Muresan, Horatiu; Lam, Gretl; Cooper, Benjamin T; Perez, Carmen A; Hazen, Alexes; Levine, Jamie P; Saadeh, Pierre B; Choi, Mihye; Karp, Nolan S; Ceradini, Daniel J
BACKGROUND: Patients undergoing implant-based reconstruction in the setting of postmastectomy radiation therapy suffer from increased complications and inferior outcomes compared with those not irradiated, but advances in radiation delivery have allowed for more nuanced therapy. The authors investigated whether these advances impact patient outcomes in implant-based breast reconstruction. METHODS: Retrospective chart review identified all implant-based reconstructions performed at a single institution from November of 2010 to November of 2013. These data were cross-referenced with a registry of patients undergoing breast irradiation. Patient demographics, treatment characteristics, and outcomes were analyzed. RESULTS: Three hundred twenty-six patients (533 reconstructions) were not irradiated, whereas 83 patients (125 reconstructions) received radiation therapy; mean follow-up was 24.7 months versus 26.0 months (p = 0.49).
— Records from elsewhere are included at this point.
Lemma arank_bounds n (u : n.-tuple letter) : admissible u ->
  1 + \sum_(j < K u) Scnt j <= arank u
  <= \sum_(j < K u) Scnt j + (Wlt n (K u) + Ncnt (K u) n).
Proof.
move=> adm_u; have lt_nK : n < K u by rewrite -{1}(size_tuple u) size_lt_K.
rewrite /arank -sum_Nlt; apply/andP; split.
  by rewrite leq_add2l; apply/leq_sum => l _; apply: Nlt_le_Nprec.
have le_Nprec : \sum_(l < K u) (Nprec u l + (val l == n))
    <= \sum_(l < K u) (Nlt (K u) l + (l <= n) * Ncnt (K u) l).
  by apply: leq_sum => l _; apply: Nprec_le.
have cut_n : \sum_(l < K u) (l <= n) * Ncnt (K u) l = Wlt n (K u) + Ncnt (K u) n.
  rewrite Wlt_Ncnt (big_ord_widen _ (Ncnt (K u)) lt_nK) [RHS]big_mkcond /=.
  by apply: eq_bigr => l _; rewrite ltnS; case: (_ <= n); rewrite ?mul1n ?mul0n.
have one_n : \sum_(l < K u) (val l == n : nat) = 1.
  rewrite (bigD1 (Ordinal lt_nK)) //= eqxx big1 // => l neq_l.
  by case: eqP => // eq_ln; case/eqP: neq_l; apply: val_inj.
by move: le_Nprec; rewrite /Nprec !big_split /= cut_n one_n; lia.
Qed.

(** * Comparing strings of complementary lengths *)

Section RatioReflection.

Variables (f p q : nat -> nat) (c : nat).
Hypothesis f_ratio : forall j, f j.+1 * p j = q j * f j.
Hypothesis p_gt0 : forall t, t < c -> 0 < p (c.-1 + t) * p (c.-1 - t).
Hypothesis qq_le_pp : forall t, t < c ->
  q (c.-1 + t) * q (c.-1 - t) <= p (c.-1 + t) * p (c.-1 - t).

(* Multiplying the ratios [f (j + 1) / f j] at two points symmetric about
   [c - 1] moves both ends of the comparison one step outwards. *)
Lemma ratio_reflect t : t < c -> f (c + t) <= f (c.-1 - t).
Proof.
elim: t => [|t IH] lt_tc.
  have := qq_le_pp lt_tc; have := p_gt0 lt_tc; rewrite addn0 subn0 muln_gt0 andbb.
  move=> p_pos le_qq; have le_qp : q c.-1 <= p c.-1 by rewrite -leq_sqr; exact: le_qq.
  rewrite (_ : c + 0 = c.-1.+1); last by lia.
  by rewrite -(leq_pmul2r p_pos) f_ratio mulnC leq_mul2l le_qp orbT.
have [i_eq j_eq] : c.-1 + t.+1 = c + t /\ (c.-1 - t.+1).+1 = c.-1 - t by lia.
have := p_gt0 lt_tc; have := qq_le_pp lt_tc; rewrite i_eq muln_gt0.
move=> le_qq /andP[pi_gt0 pj_gt0].
have pp_gt0 : 0 < p (c + t) * p (c.-1 - t.+1) by rewrite muln_gt0 pi_gt0.
rewrite -(leq_pmul2r pp_gt0) addnS mulnA f_ratio.
apply: (@leq_trans (q (c + t) * f (c.-1 - t) * p (c.-1 - t.+1))).
  by rewrite leq_mul2r leq_mul2l (IH (ltnW lt_tc)) !orbT.
by rewrite -mulnA -j_eq f_ratio mulnA mulnC leq_mul2l le_qq orbT.
Qed.

End RatioReflection.

(* Number of tilings of a strip of length [s] by monominoes and [j] dominoes
   of two colours. *)
Definition domino s j := 2 ^ j * 'C(s - j, j).

Lemma domino_ratio s j :
  domino s j.+1 * (j.+1 * (s - j)) = 2 * (s - 2 * j) * (s - 2 * j - 1) * domino s j.
Proof.
rewrite /domino; have [lt_s|le_s] := ltnP s (2 * j + 2).
  rewrite bin_small; last by lia.
  by rewrite (_ : s - 2 * j - 1 = 0) ?muln0 ?mul0n //; lia.
have [r ->] : exists r, s = 2 * j + 2 + r by exists (s - (2 * j + 2)); lia.
have -> : 2 * j + 2 + r - j.+1 = j + 1 + r by lia.
have -> : 2 * j + 2 + r - j = (j + 1 + r).+1 by lia.
have -> : 2 * j + 2 + r - 2 * j - 1 = r + 1 by lia.
have -> : 2 * j + 2 + r - 2 * j = (r + 1).+1 by lia.
have E1 := mul_bin_left (j + 1 + r) j; have E2 := mul_bin_down (j + 1 + r).+1 j.
rewrite (_ : j + 1 + r - j = r + 1) in E1; last by lia.
rewrite /= (_ : (j + 1 + r).+1 - j = (r + 1).+1) in E2; last by lia.
set m := j + 1 + r in E1 E2 *; set X := 'C(m, j.+1) in E1 *.
set Y := 'C(m, j) in E1 E2 *; set Z := 'C(m.+1, j) in E2 *; set P := 2 ^ j.
rewrite expnS -/P.
transitivity (2 * P * m.+1 * (j.+1 * X)); first by ring.
rewrite E1; transitivity (2 * P * (r + 1) * (m.+1 * Y)); first by ring.
by rewrite E2; ring.
Qed.

(* With [i, j := x - 1 +- t], the numerator factors [s - 2i], [s - 2j] are
   matched against [i + 1], [j + 1] and the others against [s - i], [s - j]. *)
Lemma domino_ratio_pair s x t : 2 * x <= s -> s.+2 <= 3 * x -> t < x ->
  2 * (s - 2 * (x.-1 + t)) * (s - 2 * (x.-1 + t) - 1)
    * (2 * (s - 2 * (x.-1 - t)) * (s - 2 * (x.-1 - t) - 1))
  <= (x.-1 + t).+1 * (s - (x.-1 + t)) * ((x.-1 - t).+1 * (s - (x.-1 - t))).
Proof.
move=> lo hi lt_tx.
have [small|] := leqP (s - 2 * (x.-1 + t)) 1.
  by rewrite (_ : s - 2 * (x.-1 + t) - 1 = 0) ?muln0 ?mul0n //; lia.
move=> big; have [e [d [-> ->]]] :
  exists e d, x = e + d + 2 * t + 2 /\ s = 3 * e + 2 * d + 6 * t + 4.
  by exists (s - 2 * x - 2 * t), (3 * x - 2 - s); lia.
rewrite (_ : _ - 2 * (_ + t) = e + 2); last by lia.
rewrite (_ : _ - 2 * (_ - t) = e + 4 * t + 2); last by lia.
rewrite (_ : (_ + t).+1 = e + d + 3 * t + 2); last by lia.
rewrite (_ : (_ - t).+1 = e + d + t + 2); last by lia.
rewrite (_ : _ - (_ + t) = 2 * e + d + 3 * t + 3); last by lia.
rewrite (_ : _ - (_ - t) = 2 * e + d + 5 * t + 3); last by lia.
have le_A : (e + 2) * (e + 4 * t + 2) <= (e + d + 3 * t + 2) * (e + d + t + 2) by nia.
have le_B : 4 * (e + 1) * (e + 4 * t + 1)
    <= (2 * e + d + 3 * t + 3) * (2 * e + d + 5 * t + 3) by nia.
have := leq_mul le_A le_B; rewrite (_ : e + 2 - 1 = e + 1); last by lia.
rewrite (_ : e + 4 * t + 2 - 1 = e + 4 * t + 1); last by lia.
congr (_ <= _); ring.
Qed.

Lemma domino_reflect s x t : 2 * x <= s -> s.+2 <= 3 * x -> t < x ->
  domino s (x + t) <= domino s (x.-1 - t).
Proof.
move=> lo hi; apply: (@ratio_reflect (domino s) (fun j => j.+1 * (s - j))
  (fun j => 2 * (s - 2 * j) * (s - 2 * j - 1))) => [j|t' lt_t'x|t' lt_t'x].
- exact: domino_ratio.
- by rewrite !muln_gt0; lia.
- exact: domino_ratio_pair.
Qed.

Lemma Ncnt_domino k l : 0 < l < k -> Ncnt k l = 4 * domino (k - 2) (k - l - 1).
Proof.
move=> /andP[l_gt0 lt_lk]; have := Ncnt_closed l.-1 (k - l - 1).
rewrite prednK // (_ : l.-1 + _ + 2 = k); last by lia.
by rewrite /domino mulnA (_ : k - 2 - _ = l.-1) //; lia.
Qed.

Lemma Ncnt_reflect n x t : x < n -> n < 2 * x -> t < n ->
  Ncnt (n + 1 + x) (n - t) <= Ncnt (n + 1 + x) (n.+1 + t).
Proof.
move=> lt_xn lt_n2x lt_tn; rewrite Ncnt_domino; last by lia.
have -> : n + 1 + x - 2 = n.-1 + x by lia.
rewrite (_ : _ - (n - t) - 1 = x + t); last by lia.
have [lt_tx|le_xt] := ltnP t x; last by rewrite /domino bin_small ?muln0 //; lia.
rewrite Ncnt_domino; last by lia.
rewrite (_ : n + 1 + x - 2 = n.-1 + x); last by lia.
rewrite (_ : _ - (n.+1 + t) - 1 = x.-1 - t); last by lia.
by rewrite leq_mul2l domino_reflect //; lia.
Qed.

Lemma Wlt_Ncnt_le_half n x : x < n -> n < 2 * x ->
  2 * (Wlt n (n + 1 + x) + Ncnt (n + 1 + x) n) <= Scnt (n + 1 + x).
Proof.
move=> lt_xn lt_n2x; set k := n + 1 + x.
rewrite -(@Scnt_widen k (n.+1 + n)); last by rewrite /k; lia.
rewrite big_split_ord /= Wlt_Ncnt mul2n -addnn leq_add2l.
rewrite big_ord_recl Ncnt0 add0n (reindex_inj rev_ord_inj) /=.
apply: leq_sum => t _; rewrite /bump add1n subnSK //.
exact: Ncnt_reflect.
Qed.

(** * The conditional probability *)

Lemma Ind_of_arank u : 1 < K u ->
  2 ^ (K u).-1 <= (arank u).+1 -> (arank u).+2 <= 2 ^ K u -> Ind u.
Proof.
move=> K_gt1 lo hi; have L_gt0 : 0 < (K u).-1 by rewrite ltn_predRL.
have [|t brank_t] := brank_onto L_gt0 lo; first by rewrite prednK // ltnW.
by apply/existsP; exists t; rewrite brank_t eqxx L_gt0.
Qed.

Lemma Ind_of_Xcnt n x (u : n.-tuple letter) : x < n -> n < 2 * x ->
  admissible u -> Xcnt n u = x -> Ind u.
Proof.
move=> lt_xn lt_n2x adm_u Xu.
have Ku : K u = n + 1 + x by rewrite K_Xcnt ?Xu ?addn1 //; lia.
have half := Wlt_Ncnt_le_half lt_xn lt_n2x; rewrite -Ku in half.
have /andP[lo hi] := arank_bounds adm_u.
have [L KL] : exists L, K u = L.+2 by exists (n + x).-1; lia.
have := sum_Scnt (isT : 2 <= L.+2); have := @Scnt_le L.+2 isT.
move: lo hi half; rewrite KL; set C := \sum_(j < L.+2) Scnt j.
move=> lo hi half le_S sum_S.
by apply: Ind_of_arank; rewrite KL //=; move: le_S sum_S; rewrite !expnS; lia.
Qed.

Lemma exists_Xcnt n x : x < n ->
  exists u : n.-tuple letter, admissible u && (Xcnt n u == x).
Proof.
move=> lt_xn; set s := nseq x LC ++ nseq (n - x) LA.
have size_s : size s == n by rewrite size_cat !size_nseq subnKC // ltnW.
have path_A m : path adm LA (nseq m LA) by elim: m => //= m ->.
have path_C m y : path adm LC (nseq y LC ++ nseq m LA).
  by elim: y => [|y IH] //=; case: m => //= m; rewrite path_A.
exists (Tuple size_s); apply/andP; split.
  by rewrite /= /s; case: x lt_xn {s size_s} => [|x] /=; case: n => //= n.
rewrite /Xcnt /= take_cat size_nseq (_ : n.-1 < x = false); last by lia.
by rewrite count_cat take_nseq ?count_nseq /= ?mul1n ?mul0n ?addn0 //; lia.
Qed.

Import Order.TTheory GRing.Theory Num.Theory.

Lemma Pr_eq0 u : ~~ admissible u -> Pr u = 0%R.
Proof.
case: u => [|a s] //= not_path; apply/eqP; rewrite mulf_eq0; apply/orP; right.
elim: s a not_path => [|b s IH] a //=; rewrite big_cons mulf_eq0.
by case/nandP => [/negbNE -> // | /IH ->]; rewrite orbT.
Qed.

Lemma Pr_ge0 u : (0 <= Pr u)%R.
Proof.
case/boolP: (admissible u) => [/Pr_K ->|/Pr_eq0 ->] //.
by rewrite invr_ge0 exprn_ge0.
Qed.

Lemma g_eq1 n x : x < n -> n < 2 * x -> g n x = 1%R.
Proof.
move=> lt_xn lt_n2x; rewrite /g.
have -> : (\sum_(u : n.-tuple letter | (Xcnt n u == x) && Ind u) Pr u
          = \sum_(u : n.-tuple letter | Xcnt n u == x) Pr u)%R.
  rewrite big_mkcondr; apply: eq_bigr => u /eqP Xu.
  case/boolP: (admissible u) => [adm_u|/Pr_eq0 ->]; last by case: Ind.
  by rewrite (Ind_of_Xcnt lt_xn lt_n2x adm_u Xu).
have [u0 /andP[adm_u0 Xu0]] := exists_Xcnt lt_xn.
apply/divff/lt0r_neq0; rewrite (bigD1 u0) //= ltr_pwDl ?sumr_ge0 // => [|u _].
  by rewrite Pr_K // invr_gt0 exprn_gt0.
exact: Pr_ge0.
Qed.

Theorem mainTheorem9 (n x : nat) :
  (2 <= n)%N -> (x < n)%N -> (n.+1 <= 2 * x)%N ->
  g n x = 1%R /\ ((Ncnt (n + 1 + x) n)%:R <= V n (n + 1 + x))%R.
Proof.
move=> _ lt_xn lt_n2x; split; first exact: g_eq1.
have := Wlt_Ncnt_le_half lt_xn lt_n2x; rewrite -(ler_nat rat) natrM natrD /V.
by move=> half; lra.
Qed.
Overall complication rates were higher in the irradiated group (35.2 percent versus 14.4 percent; p < 0.01). Increased maximum radiation doses to the skin were associated with complications (maximum dose to skin, p = 0.05; maximum dose to 1 cc of skin, p = 0.01). Different treatment modalities (e.g., three-dimensional conformal, intensity-modulated, field-in-field, and hybrid techniques) did not impact complication rates. Prone versus supine positioning significantly decreased the maximum skin dose (58.5 Gy versus 61.7 Gy; p = 0.05), although this did not translate to significantly decreased complication rates in analysis of prone versus supine positioning. CONCLUSIONS: As radiation techniques evolve, the maximum dose to skin should be given consideration similar to that for heart and lung dosing, to optimize reconstructive outcomes. Prone positioning significantly decreases the maximum skin dose and trends toward significance in reducing reconstructive complications. With continued study, this may become clinically important. Interdepartmental studies such as this one ensure quality of care. CLINICAL QUESTION/LEVEL OF EVIDENCE: Therapeutic, III.